In order to run this module you will need to run the InstallRequirements.py python file in the PyPredict directory, this will install all necessary modules through a requirements.txt file.

Front-end setup

To import sub-modules use from PyPredict import module from a list of sub-modules from PyPredict import API_Interface, DataHandler, Normalization, ML, Graphics, Statistics. The following is a full code example of the front end and different use cases:

from PyPredict import API_Interface, DataHandler, Normalization, ML, Graphics, Statistics
from PyPredict.API_Interface import data

###general setup###

API_Interface.download()#initiate the download of listed tickers
Graphics.graph_df(data)#graph the entire dataset passing all the downloaded data 

#normalization
Normalizer=Normalization.Normalize("NVDA","open")
Normalizer.Logarithmic()#either pass a pandas column or a list of values
DeNormalizer=Normalization.DeNormalize("NVDA","open")
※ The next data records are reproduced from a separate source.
Definition semiweak_acceptance phi := forall V t (m : Omega -> \bar R),
  inVp P F T p V -> (t < T)%N -> inL0bar (F t.+1) m ->
  ege P (phi t.+1 V) m ->
  ege P (phi t V) (fun w => (\1_[set w' | (0 <= V t w')%R] w)%:E
                              * Essinf P (F t) m w
                            + (\1_[set w' | (V t w' < 0)%R] w)%:E * -oo).

Definition semiweak_acceptance_Essinf phi := forall V t,
  inVp P F T p V -> (t < T)%N ->
  ege P (phi t V) (fun w => (\1_[set w' | (0 <= V t w')%R] w)%:E
                              * Essinf P (F t) (phi t.+1 V) w
                            + (\1_[set w' | (V t w' < 0)%R] w)%:E * -oo).

Definition semiweak_acceptance_nonneg phi := forall V t (m : Omega -> \bar R),
  inVp P F T p V -> (t < T)%N -> inL0bar (F t) m ->
  {ae P, forall w, (0 <= V t w)%R} ->
  ege P (phi t.+1 V) m -> ege P (phi t V) m.

Definition semiweak_rejection phi := forall V t (m : Omega -> \bar R),
  inVp P F T p V -> (t < T)%N -> inL0bar (F t.+1) m ->
  ege P m (phi t.+1 V) ->
  ege P (fun w => (\1_[set w' | (V t w' <= 0)%R] w)%:E
                    * Esssup P (F t) m w
                  + (\1_[set w' | (0 < V t w')%R] w)%:E * +oo) (phi t V).

Definition semiweak_rejection_Esssup phi := forall V t,
  inVp P F T p V -> (t < T)%N ->
  ege P (fun w => (\1_[set w' | (V t w' <= 0)%R] w)%:E
                    * Esssup P (F t) (phi t.+1 V) w
                  + (\1_[set w' | (0 < V t w')%R] w)%:E * +oo) (phi t V).

Definition semiweak_rejection_nonpos phi := forall V t (m : Omega -> \bar R),
  inVp P F T p V -> (t < T)%N -> inL0bar (F t) m ->
  {ae P, forall w, (V t w <= 0)%R} ->
  ege P m (phi t.+1 V) -> ege P m (phi t V).

End semiweak_time_consistency.

Section acceptance.
Context {d : measure_display} {Omega : measurableType d} {R : realType}.
Local Notation process := (@process d Omega R).
Implicit Types V : process.

Definition nonneg_restrict t V : process := mdot t \1_[set w | (0 <= V t w)%R] V.

Lemma nonneg_restrict_ge0 t V w : (0 <= nonneg_restrict t V t w)%R.
Proof.
rewrite /nonneg_restrict /mdot ltnn indicE.
case: (boolP (0 <= V t w)%R) => V0; first by rewrite mem_set ?mul1r.
by rewrite memNset ?mul0r //; apply/negP.
Qed.

Lemma le_mdot_succ_nonneg_restrict t V s w :
  (mdot t.+1 \1_[set w | (0 <= V t w)%R] V s w <= nonneg_restrict t V s w)%R.
Proof.
rewrite /nonneg_restrict /mdot ltnS; case: ltngtP => // ->; rewrite indicE.
case: (boolP (0 <= V t w)%R) => V0; first by rewrite mem_set ?mul1r.
by rewrite memNset ?mul0r; [rewrite ltW // ltNge|apply/negP].
Qed.

Context {P : probability Omega R} {F : nat -> set (set Omega)} {T : nat} {p : pexp}.
Hypothesis hF : is_filtration F.

Lemma nonneg_event_meas t V : (t <= T)%N -> inVp P F T p V ->
  F t [set w | (0 <= V t w)%R].
Proof.
move=> tT hV; have sigmaF := filtration_sigma hF t.
have mVt := (meas_wrtP sigmaF _).1 (hV t tT).1.
have := measurable_fun_le measurableT (measurable_cst (0%R : R)) mVt.
by rewrite setTI (measurable_g_measurableTypeE sigmaF).
Qed.

Lemma inVp_nonneg_restrict t V : (t <= T)%N -> inVp P F T p V ->
  inVp P F T p (nonneg_restrict t V).
Proof. by move=> tT hV; exact: (inVp_mdot hF _ _ _ (nonneg_event_meas _ _ tT hV) hV). Qed.

Context {phi : nat -> process -> Omega -> \bar R}.
Hypothesis hphi : dynLM P F T p phi.

Lemma dynLM_local t (A : set Omega) V : (t <= T)%N -> inVp P F T p V -> F t A ->
  {ae P, forall w, A w -> phi t V w = phi t (mdot t \1_A V) w}.
Proof.
case: hphi => _ loc _ tT hV FA; apply: filterS (loc t V A tT hV FA) => w.
by rewrite indicE => + /mem_set wA; rewrite wA !mul1e.
Qed.

Lemma dynLM_nonneg_restrict t V : (t <= T)%N -> inVp P F T p V ->
  {ae P, forall w, (0 <= V t w)%R -> phi t V w = phi t (nonneg_restrict t V) w}.
Proof. by move=> tT hV; apply: dynLM_local _ _ _ tT hV (nonneg_event_meas _ _ tT hV). Qed.

(* On {V_t >= 0}, locality at t+1 replaces V by 1_{V_t >= 0} ._{t+1} V, which
   lies below 1_{V_t >= 0} ._t V since the two differ only at time t. *)
Lemma dynLM_succ_le_nonneg_restrict t V : (t < T)%N -> inVp P F T p V ->
  {ae P, forall w, (0 <= V t w)%R ->
                   phi t.+1 V w <= phi t.+1 (nonneg_restrict t V) w}.
Proof.
move=> tT hV; set A := [set w | (0 <= V t w)%R].
have FA : F t.+1 A := filtration_mono hF _ _ (leqnSn t) _ (nonneg_event_meas _ _ (ltnW tT) hV).
case: hphi => _ _ mono.
have := mono t.+1 _ _ tT (inVp_mdot hF _ _ _ FA hV) (inVp_nonneg_restrict _ _ (ltnW tT) hV).
move=> /(_ (fun s _ => aeW _ (le_mdot_succ_nonneg_restrict t V s))) le_ae.
move: (dynLM_local _ _ _ tT hV FA) le_ae; apply: filterS2 => w loc le Aw.
by rewrite loc.
Qed.

Lemma semiweak_acceptance_EssinfP :
  semiweak_acceptance P F T p phi <-> semiweak_acceptance_Essinf P F T p phi.
Proof.
have sigmaF := filtration_sigma hF; have subF := filtration_sub hF.
split=> [acc V t hV tT|acc V t m hV tT hm hge].
  by apply: acc => //; [case: hphi => + _ _; apply|exact: aeW].
apply: filterS2 (acc V t hV tT) (le_Essinf P _ (sigmaF t) (subF t) _ _ hge) => w.
rewrite !indic_nonneg_boundE; case: ifP => // _ accw mw.
exact: le_trans mw accw.
Qed.
Lemma boolean_subfit : is_boolean_algebra (L -> Prop) exact_filter (ex_le L) -> subfit L.
Proof.
  intros (bot & tp & _ & Stp & Hbd & Hlub & Hglb & Hdist & Hcomp) a b Hab.
  pose proof (complement_le _ _ _ ex_le_refl ex_le_trans bot tp Hbd Hlub Hglb Hdist) as Hle.
  assert (Htp : forall w, tp w -> w = top) by exact (proj2 (Hbd _ exact_filter_top_only)).
  destruct (Hcomp _ (exact_filter_principal a)) as (Ga & SGa & Ha_glb & Ha_lub).
  destruct (Hcomp _ (exact_filter_principal b)) as (Gb & SGb & Hb_glb & Hb_lub).
  assert (HGb : forall y, compl (le b) y -> Gb y).
  { apply (Hle (le b)); auto using exact_filter_principal, exact_filter_compl.
    intros z _ Hzb Hzc w Hw.
    rewrite (compl_inter_top (le b) w (Hzb w Hw) (Hzc w Hw)).
    exact (filter_top tp (proj1 Stp)). }
  assert (HGa : forall y, Ga y -> Gb y).
  { intros y Hy. apply HGb, (compl_principal_mono a b Hab).
    exact (lub_principal_compl tp a Ga Htp SGa Ha_lub y Hy). }
  enough (Hba : ex_le L (le a) (le b)) by exact (Hba b (le_refl b)).
  apply (Hle Ga); auto using exact_filter_principal, is_glb2_sym.
  intros z Sz HzGa Hzb. destruct Hb_lub as (_ & _ & _ & Hb_least).
  apply Hb_least; [exact Sz | exact Hzb |]. intros w Hw. exact (HGa w (HzGa w Hw)).
Qed.

End ExactFilters.

Theorem mainTheorem11 (L : CompleteLattice) (HL : is_frame L) :
  subfit L <-> is_boolean_algebra (L -> Prop) (exact_filter L) (ex_le L).
Proof. split; [exact (subfit_boolean L HL) | exact (boolean_subfit L HL)]. Qed.
Theorem proposition1 (N : nat) (adj : rel 'I_N) (eta : R)
  (HN : (2 <= N)%N) (Hsimple : simple_graph adj) (Hconn : connected_graph adj)
  (Heta : (0 < eta)) :
  ((1 - 2 / INR (maxdeg adj) < eta <= 1) ->
   forall mu0 : state N -> R, is_distribution mu0 ->
   forall eps : R, (0 < eps) ->
   exists K : nat, forall M : nat, (1 - eps <= agree_window_prob adj eta mu0 K M))
  /\
  ((1 < eta) ->
   forall mu0 : state N -> R, is_distribution mu0 ->
   Un_cv (expected_sum adj eta mu0) 0).
Proof.
split.
- move=> [eta_gt_threshold eta_le1] mu0 mu0_distr eps eps_gt0.
  exact (agree_window_prob_eventually_ge Heta eta_le1 eta_gt_threshold
    (proj1 Hsimple) Hconn mu0_distr eps_gt0).
- by move=> eta_gt1 mu0 mu0_distr; apply: expected_sum_cvg0.
Qed.
(* Let $R$ be a principal Artinian ring, let $f, g \in R[x]$ with $g$ of positive degree and invertible leading coefficient, let $c = c(f)$ be a generator of the content ideal of $f$, and let $h \in R[x]$ satisfy $f = c\cdot h$. Put $\bar R = R/\mathrm{Ann}(c)$ and let $\bar h, \bar g$ be the images of $h, g$ in $\bar R[x]$. Then $$\mathrm{Rres}_R(f,g) = \{\, c s : s \in R,\ (s \bmod \mathrm{Ann}(c)) \in \mathrm{Rres}_{\bar R}(\bar h, \bar g)\,\},$$ i.e. $\mathrm{rres}_R(f,g) = c\cdot \mathrm{rres}_{R/\mathrm{Ann}(c)}(h,g)$.
   Context: A principal Artinian ring is a commutative ring with identity in which every ideal is principal and which satisfies the descending chain condition on ideals. For $f = \sum a_i x^i$, the content ideal is $C(f) = (a_0,\dots,a_d)$ and $c(f)$ is any generator of it. $\mathrm{Ann}(c) = \{s \in R : sc = 0\}$. For a commutative ring $S$ and $f,g\in S[x]$, $\mathrm{Rres}_S(f,g) = (f,g)\cap S$, where $(f,g)$ is the ideal of $S[x]$ generated by $f,g$; $\mathrm{rres}_S(f,g)$ denotes a generator of it (for a quotient ring, a lift of a generator to $R$). *)

From HB Require Import structures.
From mathcomp Require Import all_boot all_order all_algebra.
Set Implicit Arguments. Unset Strict Implicit. Unset Printing Implicit Defensive.
Import GRing.Theory.
Local Open Scope ring_scope.

Definition is_ideal (R : comNzRingType) (I : R -> Prop) : Prop :=
  [/\ I 0, (forall x y, I x -> I y -> I (x + y)) & (forall r x, I x -> I (r * x))].

Definition generates (R : comNzRingType) (a : R) (I : R -> Prop) : Prop :=
  forall x, I x <-> exists r : R, x = r * a.

Definition principal_artinian (R : comNzRingType) : Prop :=
  (forall I : R -> Prop, is_ideal I -> exists a : R, generates a I) /\
  (forall I : nat -> R -> Prop,
      (forall n, is_ideal (I n)) ->
      (forall n x, I n.+1 x -> I n x) ->
      exists N, forall n, (N <= n)%N -> forall x, I n x <-> I N x).

Definition content_ideal (R : comNzRingType) (f : {poly R}) : R -> Prop :=
  fun x => exists r : 'I_(size f) -> R, x = \sum_(i < size f) r i * f`_i.

Definition Ann (R : comNzRingType) (c : R) : R -> Prop := fun s => s * c = 0.

Definition Rres (R : comNzRingType) (f g : {poly R}) : R -> Prop :=
  fun r => exists u v : {poly R}, u * f + v * g = r%:P.

(* Membership of (s mod Ann(c)) in Rres_{R/Ann(c)}(hbar, gbar), expressed via
   lifts: polynomials over R/Ann(c) are represented by polynomials over R, and
   two of them are equal in (R/Ann(c))[x] iff every coefficient of their
   difference lies in Ann(c). *)
Definition eq_mod_Ann (R : comNzRingType) (c : R) (p q : {poly R}) : Prop :=
  forall i, Ann c (p - q)`_i.

Definition Rres_mod_Ann (R : comNzRingType) (c : R) (h g : {poly R}) : R -> Prop :=
  fun s => exists u v : {poly R}, eq_mod_Ann c (u * h + v * g) s%:P.

From HB Require Import structures.
From mathcomp Require Import all_boot all_order all_algebra.
From mathcomp Require Import zify.
Set Implicit Arguments. Unset Strict Implicit. Unset Printing Implicit Defensive.
Import GRing.Theory.
Local Open Scope ring_scope.

(* The heart of the matter is the following cancellation fact:
   if g has degree >= 1 and a unit leading coefficient, and v * g differs from
   a constant r by a multiple of c, then v itself is a multiple of c.  Indeed,
   modulo c the product v * g would otherwise have positive degree (a unit
   leading coefficient cannot be killed), while r is constant; formally one
   peels off leading terms of v by induction on its size
   (lead_coef_cmultiple, cmultiple_cancel).
   Given this, if u * f + v * g = r with f = c h, then v = c w, hence
   r = c (u h + w g), so r = c s with s the constant term of u h + w g, and
   u h + w g = s in (R/Ann c)[x] because c kills the difference.  Conversely,
   u h + v g = s modulo Ann(c) gives u f + (c v) g = c s exactly; both
   directions use that equality modulo Ann(c) is equality after scaling by c
   (eq_mod_AnnP). *)

Lemma poly_split_lead (R : nzRingType) (p : {poly R}) :
  p = take_poly (size p).-1 p + lead_coef p *: 'X^((size p).-1).
Proof.
apply/polyP => i; rewrite coefD coefZ coefXn coef_take_poly.
case: ltngtP => [_|lt_m_i|->]; rewrite ?mulr0 ?addr0 ?mulr1 ?add0r //.
by rewrite nth_default // (leq_trans (leqSpred _)).
Qed.

Section Multiples.
Variables (R : comNzRingType) (c : R).

(* The polynomials that are c times a polynomial, i.e. the kernel of the
   reduction R[x] -> (R/cR)[x]. *)
Definition cmultiple (p : {poly R}) : Prop := exists q, p = c *: q.

Lemma cmultiple0 : cmultiple 0.
Proof. by exists 0; rewrite scaler0. Qed.

Lemma cmultipleD p q : cmultiple p -> cmultiple q -> cmultiple (p + q).
Proof. by move=> [p' ->] [q' ->]; exists (p' + q'); rewrite scalerDr. Qed.

Lemma cmultipleB p q : cmultiple p -> cmultiple q -> cmultiple (p - q).
Proof. by move=> [p' ->] [q' ->]; exists (p' - q'); rewrite scalerBr. Qed.

Lemma cmultipleMr p q : cmultiple p -> cmultiple (p * q).
Proof. by move=> [p' ->]; exists (p' * q); rewrite scalerAl. Qed.

Lemma cmultiple_scale a p : (exists t, a = c * t) -> cmultiple (a *: p).
Proof. by move=> [t ->]; exists (t *: p); rewrite scalerA. Qed.

Lemma eq_mod_AnnP p q : eq_mod_Ann c p q <-> c *: p = c *: q.
Proof.
split=> [E | E i].
  by apply/polyP => i; apply/eqP; rewrite !coefZ -subr_eq0 -mulrBr mulrC
    -coefB; apply/eqP/E.
by rewrite /Ann coefB mulrC mulrBr -!coefZ E subrr.
Qed.

Variables (g : {poly R}) (b : R).
Hypotheses (g_nonconst : (1 < size g)%N) (g_lead_unit : lead_coef g * b = 1).

(* If v * g is congruent to a constant modulo c, the leading coefficient of a
   nonzero v lies in cR: it is the coefficient of v * g in positive degree
   (size v + size g).-2, divided by the unit lead_coef g. *)
Lemma lead_coef_cmultiple (v : {poly R}) (r : R) :
  cmultiple (v * g - r%:P) -> v != 0 -> exists t, lead_coef v = c * t.
Proof.
move=> [q Eq] v_neq0; set k := (size v + size g).-2.
have k_gt0 : (0 < k)%N.
  by move: (size_poly_gt0 v) g_nonconst; rewrite v_neq0 /k => ??; lia.
have top : lead_coef v * lead_coef g = c * q`_k.
  by rewrite mul_lead_coef -coefZ -Eq coefB coefC (negbTE (lt0n_neq0 k_gt0))
    subr0.
by exists (q`_k * b); rewrite -[LHS]mulr1 -g_lead_unit mulrA top mulrA.
Qed.

Lemma cmultiple_cancel (v : {poly R}) (r : R) :
  cmultiple (v * g - r%:P) -> cmultiple v.
Proof.
move: {2}(size v) (leqnn (size v)) => n; elim: n v => [|n IH] v.
  by rewrite leqn0 size_poly_eq0 => /eqP -> _; apply: cmultiple0.
move=> size_v vg_r; have [-> | v_neq0] := eqVneq v 0; first exact: cmultiple0.
set m := (size v).-1; set w := take_poly m v.
set a := lead_coef v *: 'X^m; have Ev : v = w + a := poly_split_lead v.
have a_mult : cmultiple a.
  by apply: cmultiple_scale; apply: lead_coef_cmultiple vg_r v_neq0.
have wg_r : cmultiple (w * g - r%:P).
  have -> : w * g - r%:P = (v * g - r%:P) - a * g.
    by rewrite [v in RHS]Ev mulrDl addrAC addrK.
  by apply: cmultipleB => //; apply: cmultipleMr.
have size_w : (size w <= n)%N.
  by apply: leq_trans (size_take_poly _ _) _; rewrite /m; lia.
by rewrite Ev; apply: cmultipleD => //; apply: IH.
Qed.

End Multiples.

Theorem lemma5p2 (R : comNzRingType) (HR : principal_artinian R)
  (f g h : {poly R}) (c : R) :
  (1 < size g)%N ->
  (exists b : R, lead_coef g * b = 1) ->
  generates c (content_ideal f) ->
  f = c *: h ->
  forall r : R, Rres f g r <-> exists s : R, Rres_mod_Ann c h g s /\ r = c * s.
Proof.
move=> g_nonconst [b g_lead_unit] _ -> r; split.
  move=> [u [v Euv]].
  have [w v_eq] : cmultiple c v.
    apply: (cmultiple_cancel g_nonconst g_lead_unit (r := r)).
    exists (- (u * h)).
    by rewrite -Euv -scalerAr scalerN opprD addrCA subrr addr0.
  have Er : r%:P = c *: (u * h + w * g).
    by rewrite -Euv v_eq scalerDr scalerAr scalerAl.
  set s := (u * h + w * g)`_0.
  have Ers : r = c * s by rewrite /s -coefZ -Er coefC.
  exists s; split => //; exists u, w; apply/eq_mod_AnnP.
  by rewrite -Er Ers scale_polyC.
move=> [s [[u [v /eq_mod_AnnP Euv]] ->]].
exists u, (c *: v).
by rewrite -scalerAr -scalerAl -scalerDr Euv scale_polyC.
Qed.
Lemma sqfrob_mul_rowprojC m (M : 'M[F]_(m, n)) :
  sqfrob (M - M *m rowproj A) = \tr (M^T *m M) - \tr (M^T *m M *m rowproj A).
Proof.
have PT : (1%:M - rowproj A)^T = 1%:M - rowproj A by rewrite linearB /= trmx1 rowprojT.
have PP : (1%:M - rowproj A) *m (1%:M - rowproj A) = 1%:M - rowproj A.
  by rewrite mulmxBr mulmx1 mulmxBl mul1mx rowproj_idem subrr subr0.
rewrite -{1}(mulmx1 M) -mulmxBr sqfrob_mul_proj //.
by rewrite mulmxBr mulmx1 linearB.
Qed.

End RowProjection.

Lemma eigen_truncation (F : realFieldType) m n (Z : 'M[F]_(m, n)) (Q : 'M[F]_n)
    (l : 'rV[F]_n) (T : {set 'I_n}) :
  Q \in unitmx -> Q *m (Z^T *m Z) = diag_mx l *m Q ->
  exists2 C : 'M[F]_(m, n), (\rank C <= #|T|)%N &
    sqfrob (Z - C) = \sum_(i | i \notin T) l 0 i.
Proof.
move=> Qu QG; pose f := @enum_val _ (mem T).
have A_free : row_free (rowsub f Q) by apply: row_free_rowsub_unit => //; apply: enum_val_inj.
exists (Z *m rowproj (rowsub f Q)).
  exact: leq_trans (mxrankM_maxr _ _) (rank_rowproj _).
rewrite sqfrob_mul_rowprojC //.
rewrite (mxtrace_mul_rowproj A_free (d := \row_a l 0 (f a))); last first.
  by rewrite mul_rowsub_mx QG !mul_diag_mx; apply/matrixP => a j; rewrite !mxE.
have -> : Z^T *m Z = invmx Q *m diag_mx l *m Q by rewrite -mulmxA -QG mulKmx.
rewrite mxtrace_mulC mulmxA mulmxV // mul1mx mxtrace_diag.
have -> : \sum_a (\row_a l 0 (f a)) 0 a = \sum_(i in T) l 0 i.
  by rewrite [RHS]big_enum_val; apply: eq_bigr => a _; rewrite mxE.
by rewrite (bigID (mem T)) /= addrC addrK.
Qed.

Section TailBound.
Variables (R : realFieldType) (I : finType).

Lemma exists_top_set (a : I -> R) k : (k <= #|I|)%N ->
  exists T : {set I}, #|T| = k /\ forall j i, j \in T -> i \notin T -> a i <= a j.
Proof.
elim: k => [_|k IHk lt_k]; first by exists set0; rewrite cards0; split=> // j i; rewrite inE.
have [T [cardT topT]] := IHk (ltnW lt_k).
have [x0 x0T] : exists x0, x0 \in ~: T.
  by apply/card_gt0P; rewrite cardsCs setCK cardT subn_gt0.
have [x xT xmax] := arg_maxP a x0T.
have {}xT : x \notin T by rewrite -in_setC; exact: xT.
exists (x |: T); split; first by rewrite cardsU1 xT cardT.
move=> j i; rewrite !inE negb_or => /predU1P[->|jT] /andP[_ iT].
  by apply: xmax; move: iT; rewrite -in_setC.
exact: topT.
Qed.

Variables (a : I -> R) (T : {set I}) (t : R).
Hypothesis t_ge0 : 0 <= t.
Hypotheses (ge_t : forall j, j \in T -> t <= a j) (le_t : forall i, i \notin T -> a i <= t).

Lemma sum_notin_le_threshold p : (#|[set i | a i != 0%R]| <= p)%N ->
  \sum_(i | i \notin T) a i <= t * (p - #|T|)%:R.
Proof.
move=> supp_le; set N := [set i | a i != 0].
have -> : \sum_(i | i \notin T) a i = \sum_(i in N :\: T) a i.
  rewrite [RHS]big_mkcond [LHS]big_mkcond; apply: eq_bigr => i _.
  by rewrite !inE; case: (i \in T); case: eqP.
apply: le_trans (_ : \sum_(i in N :\: T) t <= _).
  by apply: ler_sum => i; rewrite inE => /andP[/le_t].
rewrite sumr_const -[_ *+ _]mulr_natr; have [->|t_gt0] := eqVneq t 0; first by rewrite !mul0r.
apply: (ler_wpM2l t_ge0); rewrite ler_nat cardsD; apply: leq_sub supp_le _.
rewrite (setIidPr _) //; apply/subsetP => j jT; rewrite inE.
by apply: contra_neq t_gt0 => aj0; apply/eqP; rewrite eq_le t_ge0 andbT -aj0 ge_t.
Qed.

Lemma sum_notin_add_le_weighted (w : I -> R) (s : R) :
  (forall i, 0 <= w i <= 1) -> \sum_i w i <= s ->
  \sum_(i | i \notin T) a i + t * (#|T|%:R - s) <= \sum_i a i * (1 - w i).
Proof.
move=> w01 sum_w.
have termwise i : t * (i \in T)%:R - t * w i + (i \notin T)%:R * a i <= a i * (1 - w i).
  have /andP[w0 w1] := w01 i; case: (boolP (i \in T)) => [iT|iT] /=.
    rewrite mulr1n mulr1 mul0r addr0 -{1}(mulr1 t) -mulrBr.
    by apply: ler_wpM2r; rewrite ?subr_ge0 ?ge_t.
  rewrite mulr0n mulr0 sub0r mul1r mulrBr mulr1 addrC lerD2l lerN2.
  by apply: ler_wpM2r; rewrite ?le_t.
apply: le_trans (ler_sum _ (fun i _ => termwise i)).
rewrite !big_split /= sumrN -!mulr_sumr.
have -> : \sum_i ((i \in T)%:R : R) = #|T|%:R.
  by rewrite -sum1_card natr_sum [RHS]big_mkcond; apply: eq_bigr => i _; case: (i \in T).
have -> : \sum_i (i \notin T)%:R * a i = \sum_(i | i \notin T) a i.
  by rewrite [RHS]big_mkcond; apply: eq_bigr => i _; case: (i \in T); rewrite ?mul1r ?mul0r.
have : t * \sum_i w i <= t * s by apply: ler_wpM2l.
rewrite mulrBr; lra.
Qed.
End TailBound.

Lemma tail_sum_le (R : realFieldType) (I : finType) (a w : I -> R) (p0 p1 p2 : nat)
    (T : {set I}) :
  (p1 < p2)%N -> (p2 < p0)%N -> (forall i, 0 <= a i) -> (forall i, 0 <= w i <= 1) ->
  \sum_i w i <= p1%:R -> (#|[set i | a i != 0%R]| <= p0)%N -> #|T| = minn p2 #|I| ->
  (forall j i, j \in T -> i \notin T -> a i <= a j) ->
  \sum_(i | i \notin T) a i <=
    (p0%:R - p2%:R) / (p0%:R - p1%:R) * \sum_i a i * (1 - w i).
Proof.
move=> lt12 lt20 a_ge0 w01 sum_w supp_a cardT topT.
have lt10 := ltn_trans lt12 lt20.
have [le_I|lt_I] := leqP #|I| p2.
  have -> : T = setT by apply/eqP; rewrite eqEcard subsetT cardsT /= cardT leq_min le_I leqnn.
  rewrite big1 => [|i]; last by rewrite inE.
  apply: mulr_ge0; first by rewrite divr_ge0 // subr_ge0 ler_nat ltnW.
  by apply: sumr_ge0 => i _; rewrite mulr_ge0 // subr_ge0; case/andP: (w01 i).
have {}cardT : #|T| = p2 by rewrite cardT (minn_idPl (ltnW lt_I)).
have [j0 j0T] : exists j0, j0 \in T by apply/card_gt0P; rewrite cardT (leq_ltn_trans _ lt12).
have [j jT jmin] := arg_minP a j0T.
have ge_t i : i \in T -> a j <= a i by exact: jmin.
have le_t i : i \notin T -> a i <= a j by apply: topT.
have tail := sum_notin_le_threshold (a_ge0 j) ge_t le_t supp_a.
have weighted := sum_notin_add_le_weighted (a_ge0 j) ge_t le_t w01 sum_w.
rewrite cardT natrB ?(ltnW lt20) // in tail; rewrite cardT in weighted.
rewrite mulrAC ler_pdivlMr ?subr_gt0 ?ltr_nat // -subr_ge0.
set L := \sum_(i | _) _ in tail weighted *; set X := \sum_i _ in weighted *.
suff -> : (p0%:R - p2%:R) * X - L * (p0%:R - p1%:R) =
    (p0%:R - p2%:R) * (X - (L + a j * (p2%:R - p1%:R))) +
    (p2%:R - p1%:R) * (a j * (p0%:R - p2%:R) - L).
  by rewrite addr_ge0 // mulr_ge0 // subr_ge0 // ler_nat ltnW.
by ring.
Qed.

Section HermitianProjection.
Variable C : numClosedFieldType.

Definition sqfrobC m n (X : 'M[C]_(m, n)) : C := \tr (X *m X^t*).

Lemma sqfrobC_ge0 m n (X : 'M[C]_(m, n)) : 0 <= sqfrobC X.
Proof.
apply: sumr_ge0 => i _; rewrite mxE; apply: sumr_ge0 => j _.
by rewrite !mxE mul_conjC_ge0.
Qed.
#perform some feature engineering
FE=DataHandler.Feature_Engineering(data["NVDA"]["open"],min=0.41,max=0.77)
decomposed=FE.seasonal_decompose(period=30)
MAD_result=FE.MAD(threshold=1.9)

#prepare the data for the LSTM, construct the model, and begin training
DH=DataHandler.LSTM_Prep(data["NVDA"]["open"],ratio=(.7,.3))
LSTM=ML.Univariate_LSTM(DH.TTV_x, DH.TTV_y,cell_count=70,output_size=1,filename="NVDA_open")
LSTM.train()

#extract a prediction and de-normalize the predicted set and the testing set
prediction=LSTM.predict(DH.TTV_x[1])#testing data
de_normalized_test_y = DeNormalizer.External_Sets["Logarithmic"](DH.TTV_y[1].flatten())
de_normalized_test_x = DeNormalizer.External_Sets["Logarithmic"](DH.TTV_x[1].flatten())
de_normalized_prediction = DeNormalizer.External_Sets["Logarithmic"](prediction)
Graphics.graph_prediction_overlapped(de_normalized_test_y,de_normalized_prediction)
Graphics.graph_prediction_merged(de_normalized_test_x,de_normalized_prediction)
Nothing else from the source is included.